Inside the bag was a girl, curled up and bound tight with a rectangular bit of white cloth over her shoulder. She was long dead – long enough that identifiable features were nearly gone. Without a name to attach to the body, the media dubbed her Tent Girl.

The case of “Tent Girl,” said Halber, “drew me in.”

If you’re a fan of TV detective shows, you might think that the world is littered with unidentified bodies – and there are “shockingly large numbers of them out there,” said Halber. A survey done several years ago indicated “more than thirteen thousand sets” of unidentified bones moldering in morgues, but one estimate places the number nearly three times higher. While “many people are unaware of the extent of the problem,” a fierce group of folks are well-acquainted with the issue.

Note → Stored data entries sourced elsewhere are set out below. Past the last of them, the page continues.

(* Let $\nu$ be a signature and let $\mathcal A\in\widetilde{\mathrm{Hinge}}_n$ be a nondegenerate element lying over the canonical hinge $\mathcal P_{\alpha_1,\dots,\alpha_k}$. Then $\rho_\nu(\mathcal A)\Xi_\nu=c\,\Xi_\nu$ for some $c\in\mathbb C^*$.
   Context: Let $V=\mathbb C^n$ with basis $e_1,\dots,e_n$. A linear relation is a subspace $P\subset V\oplus V$; $\mathrm{Ker}\,P=\{v: v\oplus0\in P\}$, $\mathrm{Dom}\,P,\mathrm{Im}\,P$ the projections to the first and second summands, $\mathrm{Indef}\,P=\{w:0\oplus w\in P\}$, $\mathrm{rk}\,P=\dim\mathrm{Dom}\,P-\dim\mathrm{Ker}\,P$. If $\dim P=n$, choose bases $f_1,\dots,f_a,g_1,\dots,g_b,h_1,\dots,h_c$ and $F_1,\dots,F_a,G_1,\dots,G_b,H_1,\dots,H_c$ of $V$ with $P$ spanned by $0\oplus F_i$, $g_j\oplus G_j$, $h_k\oplus0$; $\lambda(P)$ maps $f_1\wedge\dots\wedge f_a\wedge g_{i_1}\wedge\dots\wedge g_{i_s}$ to $F_1\wedge\dots\wedge F_a\wedge G_{i_1}\wedge\dots\wedge G_{i_s}$ and kills the other basis monomials (up to scalar); $\lambda^m(P)$ its restriction to $\Lambda^mV$. A hinge is a sequence $\mathcal P=(P_1,\dots,P_k)$ of $n$-dimensional relations with $\mathrm{Ker}\,P_j=\mathrm{Dom}\,P_{j+1}$, $\mathrm{Im}\,P_j=\mathrm{Indef}\,P_{j+1}$, $\mathrm{Dom}\,P_1=V$, $\mathrm{Im}\,P_k=V$, $\mathrm{rk}\,P_j>0$. For each $m$ there is a nonzero $\lambda^m(P_j)$, and any two nonzero ones are proportional; $\lambda^m(\mathcal P)$ denotes it (up to scalar). $\mathcal A$ lies over $\mathcal P$ if $\mathcal A=(c_0\lambda^0(\mathcal P),\dots,c_n\lambda^n(\mathcal P))$ with $c_j\in\mathbb C$; it is nondegenerate if all $c_j\ne0$; $\widetilde{\mathrm{Hinge}}_n$ is the set of all such tuples. For positive integers $\alpha_1,\dots,\alpha_k$ with sum $n$, the canonical hinge $\mathcal P_{\alpha_1,\dots,\alpha_k}=(P_1,\dots,P_k)$ has $P_j$ spanned by $0\oplus e_\sigma$ for $\sigma\le\alpha_1+\dots+\alpha_{j-1}$, by $e_t\oplus e_t$ for $\alpha_1+\dots+\alpha_{j-1}<t\le\alpha_1+\dots+\alpha_j$, and by $e_\mu\oplus0$ for $\mu>\alpha_1+\dots+\alpha_j$. A signature is $\nu_1\ge\dots\ge\nu_n\ge0$ (integers), $\nu_{n+1}=0$; $\mathfrak H_\nu=\bigotimes_j(\Lambda^jV)^{\otimes(\nu_j-\nu_{j+1})}$; $\Xi_\nu=\bigotimes_j(e_1\wedge\dots\wedge e_j)^{\otimes(\nu_j-\nu_{j+1})}$; $\mathfrak r_\nu(A_0,\dots,A_n)=\bigotimes_jA_j^{\otimes(\nu_j-\nu_{j+1})}$; $H_\nu$ is the span of $\mathfrak r_\nu(\lambda^0_{\mathrm{cha}}(g),\dots,\lambda^n_{\mathrm{cha}}(g))\Xi_\nu$, $g\in\mathrm{GL}_n(\mathbb C)$, where $\lambda^j_{\mathrm{cha}}(g)v_1\wedge\dots\wedge v_j=gv_1\wedge\dots\wedge gv_j$; $H_\nu$ is invariant under $\mathfrak r_\nu(\mathcal A)$ for $\mathcal A\in\widetilde{\mathrm{Hinge}}_n$, and $\rho_\nu(\mathcal A)$ is the restriction of $\mathfrak r_\nu(\mathcal A)$ to $H_\nu$. *)

From HB Require Import structures.
From mathcomp Require Import all_boot all_order all_algebra.
From mathcomp Require Import complex.
Set Implicit Arguments. Unset Strict Implicit. Unset Printing Implicit Defensive.
Import Order.TTheory GRing.Theory Num.Theory.
Local Open Scope ring_scope.

(* Conventions:
   - V = C^n with basis e_0..e_{n-1} (0-indexed version of e_1..e_n).
   - The exterior algebra Lambda V is identified with functions
     {set 'I_n} -> C : the coordinate at S is the coefficient of
     e_{s_1} /\ ... /\ e_{s_k} with s_1 < ... < s_k the elements of S.
     Lambda^m V = the functions supported on sets of size m.
   - An operator on Lambda V (or Lambda^m V) is given by its kernel
     (matrix) K : {set 'I_n} -> {set 'I_n} -> C.
   - A linear relation P in V (+) V is the row space (mxalgebra) of a
     matrix with rows in 'rV_(n + n); the row  row_mx v w  encodes v (+) w. *)

Section Defs.
Variable C : fieldType.
Variable n : nat.

Definition extvec := {set 'I_n} -> C.
Definition extop := {set 'I_n} -> {set 'I_n} -> C.

Definition apply_op (K : extop) (v : extvec) : extvec :=
  fun S => \sum_(T : {set 'I_n}) K S T * v T.

(* wedge of the rows of B indexed by T (in increasing order):
   coordinate at S is the minor of B with rows T and columns S. *)
Definition wedge_rows (B : 'M[C]_n) (T : {set 'I_n}) : extvec :=
  fun S => if #|S| == #|T| then
     \det (\matrix_(i < #|T|, j < #|T|)
             nth 0 (nth [::] [seq [seq B r c | c <- enum S] | r <- enum T] i) j)
   else 0.

(* lambda(P) for an n-dimensional relation P, for a choice of bases:
   rows 0..a-1 of B are f_1..f_a, rows a..a+b-1 are g_1..g_b,
   rows a+b..n-1 are h_1..h_c; similarly B' carries F, G, H.
   P is spanned by 0(+)F_i, g_j(+)G_j, h_k(+)0. *)
Definition rel_of_bases (a b : nat) (B B' : 'M[C]_n) : 'M[C]_(n, n + n) :=
  \matrix_(i < n) row_mx (if (a <= i)%N then row i B else 0)
                         (if (i < a + b)%N then row i B' else 0).

Definition is_lambda (P : 'M[C]_(n, n + n)) (L : extop) : Prop :=
  exists (a b c : nat) (B B' : 'M[C]_n),
    [/\ (a + b + c)%N = n, B \in unitmx, B' \in unitmx,
        (P == rel_of_bases a b B B')%MS &
        forall T : {set 'I_n},
          apply_op L (wedge_rows B T) =
          if [forall i : 'I_n, ((i < a)%N ==> (i \in T)) && ((i \in T) ==> (i < a + b)%N)]
          then wedge_rows B' T else (fun _ => 0)].

Definition restr (m : nat) (L : extop) : extop :=
  fun S T => if (#|S| == m) && (#|T| == m) then L S T else 0.

(* A = (A_0, ..., A_n) is a nondegenerate element of tilde Hinge_n lying over
   the hinge Ps: A_m = c_m lambda^m(Ps) with c_m <> 0, where lambda^m(Ps) is
   a nonzero lambda^m(P_j) (for some admissible choice of bases). *)
Definition nondeg_over (Ps : seq 'M[C]_(n, n + n)) (A : nat -> extop) : Prop :=
  forall m, (m <= n)%N ->
    exists j L, [/\ (j < size Ps)%N, is_lambda (nth 0 Ps j) L,
                    (exists S T, restr m L S T != 0) &
                    exists2 c : C, c != 0 &
                      forall S T, A m S T = c * restr m L S T].

Definition canon_rel (lo hi : nat) : 'M[C]_(n, n + n) :=
  \matrix_(i < n) row_mx (if (lo <= i)%N then delta_mx 0 i else 0)
                         (if (i < hi)%N then delta_mx 0 i else 0).

Definition canon_hinge (alpha : seq nat) : seq 'M[C]_(n, n + n) :=
  [seq canon_rel (sumn (take j alpha)) (sumn (take j.+1 alpha))
     | j <- iota 0 (size alpha)].

(* signature nu = (nu_1, ..., nu_n) stored as a seq; nu_{n+1} = 0 *)
Definition signature (nu : seq nat) : Prop :=
  size nu = n /\ sorted geq nu.

(* degrees of the tensor factors of H_nu = (x)_j (Lambda^j V)^(nu_j - nu_{j+1}) *)
Definition degs (nu : seq nat) : seq nat :=
  flatten [seq nseq (nth 0 nu j.-1 - nth 0 nu j) j | j <- iota 1 n].

Definition tens (N : nat) := N.-tuple {set 'I_n} -> C.

Definition xi_deg (j : nat) : extvec :=
  fun S => if S == [set i : 'I_n | (i < j)%N] then 1 else 0.

Definition Xi (nu : seq nat) : tens (size (degs nu)) :=
  fun S => \prod_(i < size (degs nu)) xi_deg (nth 0 (degs nu) i) (tnth S i).

(* r_nu(A_0..A_n) = (x)_j A_j^{(x)(nu_j - nu_{j+1})}, applied to a tensor *)
Definition r_nu (nu : seq nat) (A : nat -> extop) (t : tens (size (degs nu)))
  : tens (size (degs nu)) :=
  fun S => \sum_(T : (size (degs nu)).-tuple {set 'I_n})
             (\prod_(i < size (degs nu)) A (nth 0 (degs nu) i) (tnth S i) (tnth T i))
             * t T.

End Defs.

From HB Require Import structures.
From mathcomp Require Import all_boot all_order all_algebra.
From mathcomp Require Import complex.
From mathcomp Require Import fingroup perm.
Set Implicit Arguments. Unset Strict Implicit. Unset Printing Implicit Defensive.
Import GRing.Theory Num.Theory.
Local Open Scope ring_scope.

(* Let P be the canonical relation spanned by 0 (+) e_i (i < lo), e_i (+) e_i
   (lo <= i < hi) and e_i (+) 0 (hi <= i).  Any bases (f, g, h), (F, G, H)
   presenting P have a = lo and a + b = hi; the matrix B of (f, g, h) is block
   upper triangular, the matrix B' of (F, G, H) block lower triangular, and they
   agree on the middle block.  Splitting minors along these blocks shows that on
   the sets S with [0, lo) <= S <= [0, hi) the minors of B' are a fixed multiple
   kap of those of B.  As the wedges of the rows of B form a basis (Cauchy-Binet
   for B^-1 B = 1), lambda(P) is kap times the projection onto the span of these
   e_S.  So every nonzero lambda^m of the canonical hinge has e_1 /\ ... /\ e_m
   as an eigenvector with nonzero eigenvalue, and Xi_nu, a tensor product of such
   vectors, is an eigenvector of rho_nu(A). *)

Section CauchyBinet.
Variables (C : fieldType) (n : nat) (x0 : 'I_n).

Definition enum_nth (T : {set 'I_n}) (j : nat) : 'I_n := nth x0 (enum T) j.

Lemma enum_nth_mem (T : {set 'I_n}) j : (j < #|T|)%N -> enum_nth T j \in T.
Proof. by move=> hj; rewrite -mem_enum mem_nth // -cardE. Qed.

Lemma enum_nth_inj (T : {set 'I_n}) i j :
  (i < #|T|)%N -> (j < #|T|)%N -> enum_nth T i = enum_nth T j -> i = j.
Proof. by move=> hi hj /eqP; rewrite nth_uniq ?enum_uniq -?cardE // => /eqP. Qed.

Lemma enum_nth_index (T : {set 'I_n}) t : t \in T -> enum_nth T (index t (enum T)) = t.
Proof. by move=> ht; rewrite /enum_nth nth_index // mem_enum. Qed.

Lemma index_enum_lt (T : {set 'I_n}) t : t \in T -> (index t (enum T) < #|T|)%N.
Proof. by move=> ht; rewrite cardE index_mem mem_enum. Qed.

Lemma det_mulmx_ffun_sum k (A : 'M[C]_(k, n)) (B : 'M[C]_(n, k)) :
  \det (A *m B) = \sum_(f : {ffun 'I_k -> 'I_n})
     (\prod_i A i (f i)) * \det (\matrix_(i, j) B (f i) j).
Proof.
rewrite /determinant.
rewrite (eq_bigr (fun s : 'S_k => \sum_(f : {ffun 'I_k -> 'I_n}) (-1) ^+ s *
           \prod_i (A i (f i) * B (f i) (s i)))); last first.
  move=> s _; rewrite -big_distrr /=; congr (_ * _).
  rewrite -(bigA_distr_bigA (fun i l => A i l * B l (s i))).
  by apply: eq_bigr => i _; rewrite mxE.
rewrite exchange_big; apply: eq_bigr => f _; rewrite big_distrr.
apply: eq_bigr => s _; rewrite big_split /= mulrCA; congr (_ * (_ * _)).
by apply: eq_bigr => i _; rewrite mxE.
Qed.

Lemma injective_image_enum_nth k (T : {set 'I_n}) (f : {ffun 'I_k -> 'I_n}) : #|T| = k ->
  injectiveb f && ([set f i | i : 'I_k] == T) =
  (f \in [set [ffun i => enum_nth T (s i)] | s : 'S_k in [set: 'S_k]]).
Proof.
move=> hT; apply/idP/idP.
  case/andP => /injectiveP finj /eqP fimg.
  have fT i : f i \in T by rewrite -fimg; apply: imset_f.
  have gP i : (index (f i) (enum T) < k)%N by have := index_enum_lt (fT i); rewrite hT.
  have g_inj : injective (fun i => Ordinal (gP i)).
    move=> i1 i2 /(congr1 val) /= E; apply: finj.
    by rewrite -(enum_nth_index (fT i1)) E enum_nth_index.
  apply/imsetP; exists (perm g_inj) => //; apply/ffunP => i.
  by rewrite ffunE permE /= enum_nth_index.
case/imsetP => s _ ->; apply/andP; split.
  apply/injectiveP => i1 i2; rewrite !ffunE => /enum_nth_inj; rewrite hT => H.
  by apply: (perm_inj (s := s)); apply/val_inj/H.
apply/eqP/setP => t; apply/imsetP/idP.
  by case=> i _ ->; rewrite ffunE enum_nth_mem // hT.
move=> tT; have jP := index_enum_lt tT; rewrite hT in jP.
by exists (s^-1 (Ordinal jP))%g => //; rewrite ffunE permKV /= enum_nth_index.
Qed.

Lurking online under pseudonyms and handles that often belie their age and gender, these people spend hours “obsessed” with matching data for missing persons with data for unknown bodies. Often sneered at by local police (and sometimes totally ignored), this “Skeleton Crew” has single-handedly solved decades-old cold cases, given names to corpses anonymously buried, and offered closure to families of people who vanished generations ago.

They’ve solved murders in Missouri. They’ve IDed vagrants in Vegas. They’ve closed cold cases in Canada. And in a situation that launched a career, one man ascertained the identity of Tent Girl.

You know you’ve got a great read in your hands when, on page two, you mourn that the book will end. That’s what happened when I read “The Skeleton Crew.”

With a mystery/true crime/science mix of facts and detective stories, Halber explains why this two-pronged issue exists and how modern technology and amateur sleuthing is helping lessen it. Along the way, Halber tours morgues and back-rooms, lurks near an exhumation, and tries her hand at solving one of New England’s best-known cases.

And on that one, she learns that there’s some information best left buried.

If you tend to get a little queasy, this isn’t the book for you. It’s graphic and gruesome, but oh-so-fascinating and hard to put down. When it comes to your Books to Read pile, in fact, “The Skeleton Crew” is one that shouldn’t be missing.